Wilkie Collins biography

November 29, 2016 by Roy Johnson

biography, study resources, and web links

Wilkie Collins (1824-1889) was one of the best-selling authors of the nineteenth century. He was a friend of Charles Dickens, and like his more famous contemporary he maximised his commercial success by publishing in all available formats. His work appeared as newspaper journalism, short stories, magazine serials, novels in three volume format, and adaptations for the stage. Even in his private life he was similarly prolific. He supported two separate families who lived round the corner from each other.

Wilkie Collins

Wilkie Collins

Wilkie Collins was born in London in 1824. His father William was a reasonably successful painter – a member of the Royal Academy – but ‘constitutionally insecure and self-critical’. His mother Harriet was a governess and proved to be the principal agent in Wilkie’s early education.

The family lived in Cavendish Street and took their summer holidays in what was then the outlying rural area of Hampstead. This was a location favoured by artists, and family friends included the painter Constable and the poet and ‘philosopher’ Coleridge.

Wilkie was educated largely by his mother, but in 1836 when he was an impressionable twelve year old the whole family went on a two year tour of Italy. This included visits to museums, mixing with English expatriate artists in Rome, and Collins’ first erotic adventure when he became enraptured by a married woman. The tour also took in Naples, Sorrento, Bologna, and Venice – all the time pursued by the threat of cholera.

Collins was fourteen before he entered formal education – a boarding school in Highbury where he was bullied and regarded by staff as a model bad student. He was glad to leave at seventeen, when his father found him a virtually unpaid job as a clerk.

By the time he was twenty he had begun placing short stories and sketches in various magazines – almost all anonymously. He also made the first of many visits to Paris, where he indulged his taste for wine, good food, and the habits of a flaneur.
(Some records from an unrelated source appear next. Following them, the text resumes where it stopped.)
Lemma wlen_cat_cons x u y r :
  wlen (x :: u ++ y :: r) = wlen (x :: u) + (last x u != y) + wlen (y :: r).
Proof. by rewrite /wlen steps_cat_cons count_cat /= addnA. Qed.

Lemma mem_steps p l : p \in steps l -> (p.1 \in l) && (p.2 \in l).
Proof.
case: l => [|x u] //; elim: u x => [|y u IH] x //.
rewrite steps_cons inE => /orP [/eqP -> | /IH /andP [H1 H2]] /=.
  by rewrite !inE !eqxx orbT.
by rewrite inE H1 inE H2 !orbT.
Qed.

Lemma path_steps (R : rel V) x u :
  path R x u = all (fun p => R p.1 p.2) (steps (x :: u)).
Proof. by elim: u x => [|y u IH] x //; rewrite steps_cons /= IH. Qed.

Lemma path_cat_cons (R : rel V) x u y r :
  path R x (u ++ y :: r) = [&& path R x u, R (last x u) y & path R y r].
Proof. by rewrite cat_path. Qed.

Lemma steps_infix l x u r : {subset steps (x :: u) <= steps (l ++ x :: u ++ r)}.
Proof.
move=> p Hp; have Hr : p \in steps (x :: u ++ r) by rewrite steps_cat mem_cat Hp.
by case: l => [|y l] //; rewrite cat_cons steps_cat_cons mem_cat inE Hr !orbT.
Qed.

Lemma split_first_step (P : pred (V * V)) x u : has P (steps (x :: u)) ->
  exists u1 y u2, [/\ u = u1 ++ y :: u2, P (last x u1, y),
    ~~ has P (steps (x :: u1)) &
    count P (steps (x :: u)) = (count P (steps (y :: u2))).+1].
Proof.
elim: u x => [|z r IH] x //; rewrite steps_cons /=.
have [Pxz _|nPxz /= /IH [u1 [y [u2 [-> Py N1 ->]]]]] := boolP (P (x, z)).
  by exists [::], z, r; rewrite Pxz.
by exists (z :: u1), y, u2; rewrite steps_cons /= (negbTE nPxz) N1.
Qed.

Lemma split_last_mem (X : pred V) x l : X x ->
  exists l1 l2, [/\ l = l1 ++ l2, X (last x l1) & all (predC X) l2].
Proof.
move=> Xx; elim/last_ind: l => [|l z [l1 [l2 [-> Xl Al]]]].
  by exists [::], [::].
have [Xz|nXz] := boolP (X z).
  by exists (rcons (l1 ++ l2) z), [::]; rewrite cats0 last_rcons.
by exists l1, (rcons l2 z); rewrite rcons_cat all_rcons /= nXz Al.
Qed.

Lemma split_excursion (X : pred V) x u v : X x -> X (last x u) ->
  v \in u -> ~~ X v -> exists u1 m d w,
  [/\ u = u1 ++ m ++ d :: w, X (last x u1), X d, all (predC X) m & v \in m].
Proof.
move=> Xx Xt Hv nXv; case/splitPr: Hv Xt => l1 l2; rewrite last_cat /= => Xt.
have /split_find [d q1 q2 Xd nq1] : has X l2.
  case: l2 Xt => [|z l2]; first by rewrite /= (negbTE nXv).
  by move=> Xt; apply/hasP; exists (last z l2); rewrite ?mem_last.
have [u1 [m [-> Xu1 Am]]] := split_last_mem l1 Xx.
exists u1, (m ++ v :: q1), d, q2; split => //.
- by rewrite cat_rcons -!catA.
- by rewrite all_cat /= nXv Am all_predC nq1.
- by rewrite mem_cat mem_head orbT.
Qed.

Definition cross x y : pred (V * V) := fun p => (p == (x, y)) || (p == (y, x)).

Lemma cross_swap x y a b : cross x y (a, b) = cross x y (b, a).
Proof. by rewrite /cross !xpair_eqE orbC !(andbC (b == _)). Qed.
He switched from working as a clerk to studying law at Lincoln’s Inn Fields, and began Antonina, a historical novel. However, when his father died in 1847, he dropped everything for six months and wrote a paternal biography – which was dedicated to family friend Sir Robert Peel. The book was well reviewed and even a modest commercial success.

Collins developed an interest in the theatre, and through his work in amateur productions he eventually came into contact with Charles Dickens. The two got on very well together. Dickens appreciated Wilkie’s hard work and professional attitude to writing: Wilkie enjoyed the older man’s appetite for adventurism – fuelled by the disappointment of his marriage. They went on late night sorties into the underworld of Soho and the East End.

He became active as a journalist, writing for the radical newspaper The Leader founded by George Henry Lewes (Mr George Eliot). In religious terms he was a sceptic and critic of the Church, but not an atheist. He took an interest in hypnotism and clairvoyance which were both fashionable at that time. In 1852 he was called to the Bar – not having worked for or passed any exams, which was quite common in the Law at that period.

He contributed to Household Words and Bentley’s Miscellany, but in 1852 published his first serious novel, Basil, for which he wrote a long preface explaining his artistic intentions. The novel was well received and has the distinction of being perhaps the first ‘sensation novel’.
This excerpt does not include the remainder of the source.